Pietro Paolo Kandler (23 May 1804 – 18 January 1872) was an Italian historian, archaeologist and jurist.

==Biography==
Kandler was born in Trieste to a family who moved there from Vienna in the 17th century (but of Scottish descent: the original surname was Chandler) he was multilingual, but preferred to write in Italian.

Trained in the universities of Vienna and Pavia, where he studied law, he was one of the top exponents of the Trieste culture in the 19th century. His work is characterized by an Enlightenment imprint, derived in particular from the observation of the reforms implemented during the French occupation of Trieste.
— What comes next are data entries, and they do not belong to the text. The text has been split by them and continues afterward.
(* Write S x = sum_i phi_i(x) e_i with (e_i) a basis of a finite-dimensional space
   containing the range of S; the coordinate functionals phi_i are bounded by the
   equivalence of norms in finite dimension.  Since Y has a lattice norm, it suffices
   to bound ||(phi x_j)_j||_{R^n,Y} by ||phi|| ||tau(||.||_{R^n,Y})|| for a single
   bounded functional phi.  Hahn-Banach on R^n gives a linear form g = sum_j b_j v_j
   with |g| <= ||.||_{R^n,Y} and g((phi x_j)_j) = ||(phi x_j)_j||_{R^n,Y}.  Krivine's
   calculus sends g to sum_j b_j x_j, so the left-hand side is phi(tau g), and
   ||tau g|| <= ||tau(||.||_{R^n,Y})|| because tau is monotone and the norm of X is a
   lattice norm. *)

Lemma lipschitz_continuous (R : realType) (V W : normedModType R) (f : V -> W) (k : R) :
  (forall x y, `|f x - f y| <= k * `|x - y|) -> continuous f.
Proof.
move=> fk x; pose k' := Num.max k 1.
have k'_gt0 : 0 < k' by rewrite lt_max ltr01 orbT.
apply/(@cvgrPdist_lt _ _ _ (nbhs x)) => e e_gt0.
near=> z; apply: (le_lt_trans (fk x z)).
apply: (@le_lt_trans _ _ (k' * `|x - z|)); first by rewrite ler_wpM2r // le_max lexx.
rewrite -ltr_pdivlMl //; near: z; apply: cvgr_dist_lt => //.
by rewrite mulr_gt0 ?invr_gt0.
Unshelve. all: by end_near. Qed.

Lemma mx_entry_norm_le (R : realDomainType) m n (A : 'M[R]_(m, n)) i j : `|A i j| <= `|A|.
Proof.
rewrite [leRHS]/Num.norm /= mx_normrE; apply/bigmax_geP; right => /=.
by exists (i, j).
Qed.

Section YnormFinite.
Variables (R : realType) (Y : seq_lattice R) (n : nat).
Local Notation N := (@Ynorm_n R Y n).

Lemma ext0_lt (v : 'rV[R]_n) k (kn : (k < n)%N) : ext0 v k = v ord0 (Ordinal kn).
Proof. by rewrite /ext0 insubT. Qed.

Lemma ext0_ge (v : 'rV[R]_n) k : (n <= k)%N -> ext0 v k = 0.
Proof. by move=> nk; rewrite /ext0 insubF // ltnNge nk. Qed.

Lemma ext0D (u v : 'rV[R]_n) : ext0 (u + v) = (fun k => ext0 u k + ext0 v k).
Proof.
apply: funext => k; case: (ltnP k n) => kn; first by rewrite !(ext0_lt _ kn) mxE.
by rewrite !ext0_ge // addr0.
Qed.

Lemma ext0Z a (v : 'rV[R]_n) : ext0 (a *: v) = (fun k => a * ext0 v k).
Proof.
apply: funext => k; case: (ltnP k n) => kn; first by rewrite !(ext0_lt _ kn) mxE.
by rewrite !ext0_ge // mulr0.
Qed.

Definition seq_indicator (m : nat) : nat -> R := fun k => (k < m)%:R.

Lemma ydom_seq_indicator m : ydom Y (seq_indicator m).
Proof.
elim: m => [|m IHm].
  have -> : seq_indicator 0 = (fun _ => 0) by apply: funext => k; rewrite /seq_indicator ltn0.
  exact: ydom0.
have -> : seq_indicator m.+1 = (fun k => seq_indicator m k + unit_seq R m k).
  apply: funext => k; rewrite /seq_indicator /unit_seq ltnS leq_eqVlt.
  by case: ltngtP; rewrite ?addr0 ?add0r.
exact/ydomD/yunit.
Qed.

Lemma ext0_le_indicator (v : 'rV[R]_n) k :
  `|ext0 v k| <= `|(`|v| * seq_indicator n k)|.
Proof.
case: (ltnP k n) => kn; last by rewrite ext0_ge // normr0.
by rewrite (ext0_lt _ kn) /seq_indicator kn mulr1 normr_id mx_entry_norm_le.
Qed.

Lemma ydom_ext0 (v : 'rV[R]_n) : ydom Y (ext0 v).
Proof. by case: (yideal (ydomZ `|v| (ydom_seq_indicator n)) (ext0_le_indicator v)). Qed.

Lemma Ynorm_n_le (v : 'rV[R]_n) : N v <= `|v| * ynorm Y (seq_indicator n).
Proof.
have [_] := yideal (ydomZ `|v| (ydom_seq_indicator n)) (ext0_le_indicator v).
by rewrite ynormZ ?normr_id //; exact: ydom_seq_indicator.
Qed.

Lemma Ynorm_nD (u v : 'rV[R]_n) : N (u + v) <= N u + N v.
Proof. by rewrite /Ynorm_n ext0D; apply: ynormD; exact: ydom_ext0. Qed.

Lemma Ynorm_nZ a (v : 'rV[R]_n) : N (a *: v) = `|a| * N v.
Proof. by rewrite /Ynorm_n ext0Z ynormZ //; exact: ydom_ext0. Qed.

Lemma Ynorm_nN (v : 'rV[R]_n) : N (- v) = N v.
Proof. by rewrite -scaleN1r Ynorm_nZ normrN normr1 mul1r. Qed.

Lemma Ynorm_n0 : N 0 = 0.
Proof. by rewrite -(scale0r 0) Ynorm_nZ normr0 mul0r. Qed.

Lemma Ynorm_n_sum I (r : seq I) (v : I -> 'rV[R]_n) :
  N (\sum_(i <- r) v i) <= \sum_(i <- r) N (v i).
Proof.
elim: r => [|i r IHr]; first by rewrite !big_nil Ynorm_n0.
by rewrite !big_cons; apply: le_trans (Ynorm_nD _ _) _; rewrite lerD2l.
Qed.

Lemma Ynorm_n_mono (u v : 'rV[R]_n) :
  (forall j, `|u ord0 j| <= `|v ord0 j|) -> N u <= N v.
Proof.
move=> uv; suff /(yideal (ydom_ext0 v)) [] : forall k, `|ext0 u k| <= `|ext0 v k| by [].
move=> k; case: (ltnP k n) => kn; first by rewrite !(ext0_lt _ kn).
by rewrite !ext0_ge // normr0.
Qed.

Lemma Ynorm_n_lipschitz (u v : 'rV[R]_n) :
  `|N u - N v| <= ynorm Y (seq_indicator n) * `|u - v|.
Proof.
have := Ynorm_nD (u - v) v; have := Ynorm_nD (v - u) u.
rewrite !subrK -opprB Ynorm_nN; have := Ynorm_n_le (u - v).
by rewrite ler_norml; lra.
Qed.

Lemma Hn_Ynorm_n : Hn N.
Proof.
split; first exact: lipschitz_continuous Ynorm_n_lipschitz.
by move=> t v t0; rewrite Ynorm_nZ ger0_norm.
Qed.

End YnormFinite.

Section FiniteHahnBanach.
Variables (R : realType) (V : lmodType R) (p : V -> R).
Hypotheses (pD : forall x y, p (x + y) <= p x + p y)
  (pZ : forall t x, 0 <= t -> p (t *: x) = t * p x).

Definition subspace (D : set V) := D 0 /\ forall a x y, D x -> D y -> D (a *: x + y).

Definition linear_on (D : set V) (f : V -> R) :=
  forall a x y, D x -> D y -> f (a *: x + y) = a * f x + f y.

Definition add_line (D : set V) (y : V) :=
  [set z | exists m t, D m /\ z = m + t *: y].

Fixpoint add_lines (D : set V) (ys : seq V) : set V :=
  if ys is y :: ys' then add_lines (add_line D y) ys' else D.

Lemma sublinear0 : p 0 = 0.
Proof. by have := pZ 0 (lexx 0); rewrite scale0r mul0r. Qed.

Section Subspace.
Variable D : set V.
Hypothesis sD : subspace D.

Lemma subspaceD x y : D x -> D y -> D (x + y).
Proof. by move=> Dx Dy; have := sD.2 1 x y Dx Dy; rewrite scale1r. Qed.

Lemma subspaceZ a x : D x -> D (a *: x).
Proof. by move=> Dx; have := sD.2 a x 0 Dx sD.1; rewrite addr0. Qed.

Lemma subspaceN x : D x -> D (- x).
Proof. by rewrite -scaleN1r; exact: subspaceZ. Qed.

Lemma subspace_add_line y : subspace (add_line D y).
Proof.
split; first by exists 0, 0; rewrite scale0r addr0; split => //; exact: sD.1.
move=> a _ _ [m1 [t1 [Dm1 ->]]] [m2 [t2 [Dm2 ->]]].
exists (a *: m1 + m2), (a * t1 + t2); split; first exact: sD.2.
by rewrite scalerDr scalerA scalerDl addrACA.
Qed.

Lemma sub_add_line y : D `<=` add_line D y.
Proof. by move=> x Dx; exists x, 0; rewrite scale0r addr0. Qed.

Lemma add_line_dir y : add_line D y y.
Proof. by exists 0, 1; rewrite scale1r add0r; split => //; exact: sD.1. Qed.

Lemma linear_on0 f : linear_on D f -> f 0 = 0.
Proof.
move=> lf; have := lf 1 0 0 sD.1 sD.1; rewrite scale1r addr0 mul1r => f00.
by apply: (addrI (f 0)); rewrite addr0 -f00.
Qed.

Lemma linear_onD f x y : linear_on D f -> D x -> D y -> f (x + y) = f x + f y.
Proof. by move=> lf Dx Dy; have := lf 1 x y Dx Dy; rewrite scale1r mul1r. Qed.

Lemma linear_onZ f a x : linear_on D f -> D x -> f (a *: x) = a * f x.
Proof. by move=> lf Dx; have := lf a x 0 Dx sD.1; rewrite !addr0 (linear_on0 lf) addr0. Qed.

End Subspace.

Lemma add_line_coord_uniq D y m t m' t' : subspace D -> ~ D y -> D m -> D m' ->
  m + t *: y = m' + t' *: y -> m = m' /\ t = t'.
Proof.
move=> sD Dy Dm Dm' E.
have ytt : (t - t') *: y = m' - m.
  have -> : m' = m + t *: y - t' *: y by rewrite E addrK.
  by rewrite scalerBl [in RHS]addrAC [m + _]addrC addrK.
suff tt : t = t' by split=> //; move: E; rewrite tt; exact: addIr.
apply/eqP; rewrite -subr_eq0; apply/negP => /negP tt; apply: Dy.
have -> : y = (t - t')^-1 *: (m' - m) by rewrite -ytt scalerA mulVf // scale1r.
by apply: subspaceZ => //; apply: subspaceD => //; exact: subspaceN.
Qed.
He was lawyer of his native comune after the death of Domenico Rossetti De Scander, in whose office he had worked, Kandler was nominated in 1856 conservator of monuments for the Austrian Littoral, the only one that the Hapsburg empire chose for the territories that were later part of Italy, of the provinces of Trieste and Gorizia, and dealt at length with the collection and publication of epigraphs and Roman antiquities present in the north-Adriatic area, with particular regard to the Roman bricks, which Theodor Mommsen used for his Corpus Inscriptionum Latinarum.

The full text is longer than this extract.